June 2019 Director’s Letter
Major market indices recover from May sell off.
Singular Coverage List continues to lead.
A dovish Fed signals rate cuts to stimulate stalling economic growth. The Singular Research Coverage list continued to lead the S&P500 & Russell 2000 YTD, although the major indices slightly outperformed bouncing back from the May correction. Although, the small caps and unweighted indices have not kept pace, we will wait to see if this lag becomes a divergence.
Our top performers in June were led by Geospace Technologies Corp. (GEOS), Management announced strong second quarter results with revenue up 36% YOY driven by OBX rental demand. Our next chart topper was Salem Media Group (SALM). Total revenues declined 5.2% YOY to $60.5 million in q1 19 as a result of drops in Broadcast, Digital Media and Publishing revenues. At a significant discount to book value at $8, SALM looks to have found some fans. Acme United Corp (ACU) gave positive forward guidance after a difficult TTM outlook, Management reiterated its sales guidance for CY 2019 of ~$140-$143 million, net income of $5.0-$5.3 million and earnings per share of $1.41-$1.50.
Our worst performers were led by Floor & Décor Holdings Inc(FND), a short call that suffered both from profit taking and covering as the June rally in the overall equity markets gained traction. Harvard Bioscience, Inc. (HBIO) continued to fall in June, GAAP revenues improved 5% in Q119, but organic revenues fell 4% and adjusted EPS declined YOY from $0.03 from $0.02. HBIO expects a challenging H119 and improving results in H219. Daktronics, Inc. (DAKT) reported fourth quarter fiscal 2019 results below our projections.Management guided for slightly higher sales for Q1:20. However, we expect near-term EPS growth to remain muted amid trade tensions. We cut our rating to Buy/Long Term and lower our target price to $6.50.

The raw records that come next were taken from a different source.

(* Let $m\ge3$. For any $k_1,k_2>0$, as $\epsilon\to0$, \[\mu_m^H(\Pi(k_1\epsilon,k_2\epsilon))\to\frac{\frac{k_2}{k_1}\gamma^{\frac{m-2}{2}}}{1+\frac{k_2}{k_1}\gamma^{\frac{m-2}{2}}},\qquad \mu_1^L(\Pi(k_1\epsilon,k_2\epsilon))\to\frac{\frac{k_1}{k_2}\gamma^{\frac{m-2}{2}}}{1+\frac{k_1}{k_2}\gamma^{\frac{m-2}{2}}}.\]
   Context: The state of nature is $\theta\in\{H,L\}$. $S$ is a finite signal set; conditional on $\theta$, signals are i.i.d. with distribution $\pi_\theta$, $\pi_\theta(s)>0$ for all $s,\theta$, $\pi_H\ne\pi_L$. Let $\bar\ell=\max_s\pi_H(s)/\pi_L(s)$, $\underline\ell=\min_s\pi_H(s)/\pi_L(s)$, $\gamma=\bar\ell/\underline\ell>1$; fix a signal $h$ with $\pi_H(h)/\pi_L(h)=\bar\ell$ and a signal $l$ with $\pi_H(l)/\pi_L(l)=\underline\ell$. A protocol on $M=\{1,\dots,m\}$ is $\Pi=(f,g,a)$ with $f:M\times S\to\Delta(M)$, $g\in\Delta(M)$, $a:M\to[0,1]$. For small $\epsilon_1,\epsilon_2>0$ define $\Pi(\epsilon_1,\epsilon_2)$ by: $g(2)=1$; $a(m)=1$ and $a(i)=0$ for $i\ne m$; with $c_h=(\pi_H(h)\pi_L(h))^{(m-2)/2}$ and $c_l=(\pi_H(l)\pi_L(l))^{(m-2)/2}$: states $1$ and $m$ are absorbing ($f(i,s)(i)=1$ for $i\in\{1,m\}$ and all $s$); on signal $l$: from state $2$ move to $1$ with probability $c_h\epsilon_1$ and stay at $2$ otherwise, and from each state $i\in\{3,\dots,m-1\}$ move to $i-1$; on signal $h$: from state $m-1$ move to $m$ with probability $c_l\epsilon_2$ and stay at $m-1$ otherwise, and from each state $i\in\{2,\dots,m-2\}$ move to $i+1$; on any other signal, every state stays where it is. For this (parsimonious) protocol, $\mu_1^\theta(\Pi),\mu_m^\theta(\Pi)$ denote the probabilities that the Markov chain started at $m_0=2$, with signals drawn i.i.d. from $\pi_\theta$, is absorbed in state $1$ and state $m$ respectively. *)

From HB Require Import structures.
From mathcomp Require Import all_boot all_order all_algebra.
From mathcomp Require Import all_classical all_reals all_analysis.
Set Implicit Arguments. Unset Strict Implicit. Unset Printing Implicit Defensive.
Import Order.TTheory GRing.Theory Num.Theory numFieldNormedType.Exports.
Local Open Scope ring_scope.

Section ProtocolDefs.
Context {R : realType} {S : finType}.

Definition lr (piH piL : S -> R) (s : S) : R := piH s / piL s.

(* x^((m-2)/2) for x >= 0, written as (sqrt x)^(m-2) *)
Definition halfpow (m : nat) (x : R) : R := Num.sqrt x ^+ (m - 2).

(* Transition function f of Pi(e1,e2) on states 1..m (nat labels):
   f i s j = probability of moving from state i to state j on signal s. *)
Definition proto_f (m : nat) (piH piL : S -> R) (h l : S) (e1 e2 : R)
    (i : nat) (s : S) (j : nat) : R :=
  let ch := halfpow m (piH h * piL h) in
  let cl := halfpow m (piH l * piL l) in
  if (i <= 1)%N || (m <= i)%N then (j == i)%:R
  else if s == l then
    (if i == 2%N then (j == 1%N)%:R * (ch * e1) + (j == 2%N)%:R * (1 - ch * e1)
     else (j == i.-1)%:R)
  else if s == h then
    (if i == m.-1 then (j == m)%:R * (cl * e2) + (j == m.-1)%:R * (1 - cl * e2)
     else (j == i.+1)%:R)
  else (j == i)%:R.

Definition trans (f : nat -> S -> nat -> R) (pi : S -> R) (i j : nat) : R :=
  \sum_(s : S) pi s * f i s j.

(* distribution of the state after n signals, started at m0 = 2 (g(2) = 1);
   states are 1..m, the sum ranges over labels 0..m (label 0 never charged) *)
Fixpoint state_dist (m : nat) (f : nat -> S -> nat -> R) (pi : S -> R) (n : nat)
    : nat -> R :=
  match n with
  | 0 => fun j => (j == 2%N)%:R
  | n'.+1 => fun j =>
      \sum_(i < m.+1) state_dist m f pi n' i * trans f pi i j
  end.

(* probability of absorption in the absorbing state t: since t is absorbing,
   the events {X_n = t} increase to {absorbed in t}, so this is the limit *)
Definition absorb_prob (m : nat) (f : nat -> S -> nat -> R) (pi : S -> R)
    (t : nat) : R :=
  limn (fun n => state_dist m f pi n t).

End ProtocolDefs.

(* If psi is harmonic for the one-step kernel, E[psi(X_n)] = psi(2) for every n.
   The interior states 2..m-1 are transient: every visit to 2 sends mass pi(l) c_h e1
   into the absorbing state 1, and every visit to j+1 sends mass pi(l) to j, so the
   occupation times of the interior states are summable and their mass tends to 0.
   Hence psi(1) P(absorbed at 1) + psi(m) P(absorbed at m) = psi(2).  As in gambler's
   ruin, the harmonic function with psi(1) = 0 and psi(m) = 1 has increments growing
   geometrically with ratio r = pi(l)/pi(h), the two boundary steps being scaled by
   the exit probabilities c_h e1 and c_l e2; this gives
     P(absorbed at m) = 1 / (1 + c_h e1 (r + ... + r^(m-3)) + r^(m-2) c_h e1 / (c_l e2)).
   For e1 = k1 e and e2 = k2 e the middle term vanishes as e -> 0, and the last one
   equals k1 / (k2 G) under pi_H and G k1 / k2 under pi_L. *)

From HB Require Import structures.
From mathcomp Require Import all_boot all_order all_algebra.
From mathcomp Require Import all_classical all_reals all_analysis.
From mathcomp Require Import ring lra zify.
Import Order.TTheory GRing.Theory Num.Theory numFieldNormedType.Exports.
Set Implicit Arguments. Unset Strict Implicit. Unset Printing Implicit Defensive.
Local Open Scope ring_scope.
Local Open Scope classical_set_scope.

Lemma sumr_ord_delta (R : nzRingType) (n k : nat) (F : nat -> R) : (k < n)%N ->
  \sum_(j < n) (j == k :> nat)%:R * F j = F k.
Proof.
move=> kn; rewrite -[RHS](ifT (F k) 0 kn) -(big_ord1_eq +%R F) [RHS]big_mkcond /=.
by apply: eq_bigr => j _; case: eqP; rewrite (mul1r, mul0r).
Qed.

Lemma sumr_ord_delta2 (R : nzRingType) (n a b : nat) (x y : R) (F : nat -> R) :
  (a < n)%N -> (b < n)%N ->
  \sum_(j < n) ((j == a :> nat)%:R * x + (j == b :> nat)%:R * y) * F j = x * F a + y * F b.
Proof.
move=> an bn; under eq_bigr do rewrite mulrDl -!mulrA.
by rewrite big_split /= !(@sumr_ord_delta _ _ _ (fun j => _ * F j)).
Qed.

Lemma halfpow_gt0 (R : realType) (m : nat) (x : R) : 0 < x -> 0 < halfpow m x.
Proof. by move=> x_gt0; rewrite /halfpow exprn_gt0 // sqrtr_gt0. Qed.

Lemma halfpowM (R : realType) (m : nat) (x y : R) : 0 <= x ->
  halfpow m (x * y) = halfpow m x * halfpow m y.
Proof. by move=> x_ge0; rewrite /halfpow sqrtrM // exprMn. Qed.

Lemma halfpow_sqr (R : realType) (m : nat) (r : R) : 0 <= r ->
  halfpow m (r ^+ 2) = r ^+ (m - 2).
Proof. by move=> r_ge0; rewrite /halfpow sqrtr_sqr ger0_norm. Qed.

Section AbsorbingChain.
Variables (R : realType) (S : finType) (piH piL : S -> R) (h l : S) (e1 e2 : R).
Variables (pi : S -> R) (m : nat).
Hypothesis m_ge3 : (3 <= m)%N.
Hypothesis h_neq_l : h != l.

Local Notation f := (proto_f m piH piL h l e1 e2).
Local Notation dist n := (state_dist m f pi n).
Local Notation absorbing i := ((i <= 1)%N || (m <= i)%N).

Definition exit_low := halfpow m (piH h * piL h) * e1.
Definition exit_high := halfpow m (piH l * piL l) * e2.

Definition down_op (i : nat) (psi : nat -> R) : R :=
  if i == 2%N then exit_low * psi 1%N + (1 - exit_low) * psi 2%N else psi i.-1.

Definition up_op (i : nat) (psi : nat -> R) : R :=
  if i == m.-1 then exit_high * psi m + (1 - exit_high) * psi m.-1 else psi i.+1.

Definition signal_op (i : nat) (s : S) (psi : nat -> R) : R :=
  if absorbing i then psi i
  else if s == l then down_op i psi
  else if s == h then up_op i psi
  else psi i.

Definition step_op (psi : nat -> R) (i : nat) : R :=
  if absorbing i then psi i
  else pi l * down_op i psi + pi h * up_op i psi + (1 - pi l - pi h) * psi i.

Definition harmonic (psi : nat -> R) := forall i, (i <= m)%N -> step_op psi i = psi i.

Definition expect (n : nat) (psi : nat -> R) : R := \sum_(j < m.+1) dist n j * psi j.

Lemma sum_proto_f i s (psi : nat -> R) : (i <= m)%N ->
  \sum_(j < m.+1) f i s j * psi j = signal_op i s psi.
Proof.
move=> im; rewrite /signal_op /down_op /up_op /exit_low /exit_high /proto_f.
case: ifP => [_|/norP[]]; first exact: sumr_ord_delta.
rewrite -!ltnNge => i_gt1 i_ltm.
by repeat case: ifP => _; rewrite ?sumr_ord_delta2 ?sumr_ord_delta //; lia.
Qed.

Lemma proto_f_to0 i s : (0 < i)%N -> f i s 0 = 0.
Proof.
move=> i_gt0; rewrite /proto_f.
case: ifP => [|/norP[]]; first by case: i i_gt0 => [|[]].
rewrite -!ltnNge => i_gt1 i_ltm.
have [-> -> -> ->] : [/\ (0 == i)%N = false, (0 == i.-1)%N = false,
  (0 == m)%N = false & (0 == m.-1)%N = false] by split; apply/negbTE/eqP; lia.
by repeat case: ifP => _; rewrite ?mul0r ?addr0.
Qed.

Lemma state_dist0 n : dist n 0 = 0.
Proof.
elim: n => [//|n IHn] /=; rewrite big1 // => -[[|i] ? _] /=; first by rewrite IHn mul0r.
by rewrite /trans big1 ?mulr0 // => s _; rewrite proto_f_to0 ?mulr0.
Qed.

Lemma expect_split n (psi : nat -> R) : expect n psi =
  dist n 1 * psi 1%N + dist n m * psi m + \sum_(2 <= j < m) dist n j * psi j.
Proof.
rewrite /expect -(big_mkord (fun=> true) (fun j => dist n j * psi j)) big_nat_recr //=.
rewrite big_ltn; last lia.
by rewrite big_ltn; [rewrite state_dist0 mul0r add0r; ring | lia].
Qed.

Hypothesis pi_sum1 : \sum_(s : S) pi s = 1.

Lemma sum_pi_others : \sum_(s | (s != l) && (s != h)) pi s = 1 - pi l - pi h.
Proof.
by rewrite -pi_sum1 [in RHS](bigD1 l) //= [in RHS](bigD1 h) //=; ring.
Qed.

Lemma sum_trans_step_op i (psi : nat -> R) : (i <= m)%N ->
  \sum_(j < m.+1) trans f pi i j * psi j = step_op psi i.
Proof.
move=> im; under eq_bigr do rewrite /trans mulr_suml.
rewrite exchange_big /=.
under eq_bigr do (under eq_bigr do rewrite -mulrA; rewrite -mulr_sumr sum_proto_f //).
rewrite (bigD1 l) //= (bigD1 h) //=.
rewrite /signal_op /step_op eqxx (negbTE h_neq_l) eqxx.
under eq_bigr => s /andP[sl sh] do rewrite (negbTE sl) (negbTE sh) if_same.
by rewrite -big_distrl sum_pi_others /=; case: ifP => _; ring.
Qed.

Lemma expect_succ n (psi : nat -> R) : expect n.+1 psi = expect n (step_op psi).
Proof.
rewrite /expect /=; under eq_bigr do rewrite mulr_suml.
rewrite exchange_big /=; apply: eq_bigr => i _.
rewrite -sum_trans_step_op; last by rewrite -ltnS.
by rewrite mulr_sumr; apply: eq_bigr => j _; rewrite mulrA.
Qed.

Lemma expect_harmonic n (psi : nat -> R) : harmonic psi -> expect n psi = psi 2%N.
Proof.
move=> psi_harm; elim: n => [|n IHn].
  by rewrite /expect (@sumr_ord_delta _ _ _ psi) //; lia.
by rewrite expect_succ -IHn; apply: eq_bigr => j _; rewrite psi_harm // -ltnS.
Qed.

Hypothesis pi_gt0 : forall s, 0 < pi s.
Hypotheses (exit_low_gt0 : 0 < exit_low) (exit_low_le1 : exit_low <= 1).
Hypotheses (exit_high_gt0 : 0 < exit_high) (exit_high_le1 : exit_high <= 1).

Let pi_ge0 s : 0 <= pi s := ltW (pi_gt0 s).

Lemma proto_f_ge0 i s j : 0 <= f i s j.
Proof.
move: (ltW exit_low_gt0) exit_low_le1 (ltW exit_high_gt0) exit_high_le1.
rewrite /exit_low /exit_high /proto_f => a0 a1 b0 b1.
by repeat case: ifP => _; rewrite ?ler0n ?addr_ge0 // mulr_ge0 ?ler0n ?subr_ge0.
Qed.

Lemma trans_ge0 i j : 0 <= trans f pi i j.
Proof. by apply: sumr_ge0 => s _; rewrite mulr_ge0 ?proto_f_ge0. Qed.

Lemma trans_ge_term i s j : pi s * f i s j <= trans f pi i j.
Proof.
rewrite /trans (bigD1 s) //= lerDl.
by apply: sumr_ge0 => t _; rewrite mulr_ge0 ?proto_f_ge0.
Qed.

Lemma state_dist_ge0 n j : 0 <= dist n j.
Proof.
elim: n j => [|n IHn] j /=; first exact: ler0n.
by apply: sumr_ge0 => i _; rewrite mulr_ge0 ?trans_ge0.
Qed.

Lemma harmonic1 : harmonic (fun=> 1).
Proof. by move=> i _; rewrite /step_op /down_op /up_op; repeat case: ifP => _; ring. Qed.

In June, we initiated coverage on LB Foster (FSTR) LB Foster Co. engages in the manufacture, fabrication, and distribution of products and services for the transportation and energy infrastructure. We caught a nice move up powered by strong Q1:19 results with EBITDA increasing ~92% YOY driving FSTR up 11% and into our top five for June.
At Singular Research we wish to thank our clients and followers for their continued commitment and support of our unbiased, independence research model as we strive to consistently deliver Alpha generated from the lack of coverage out- performance anomaly.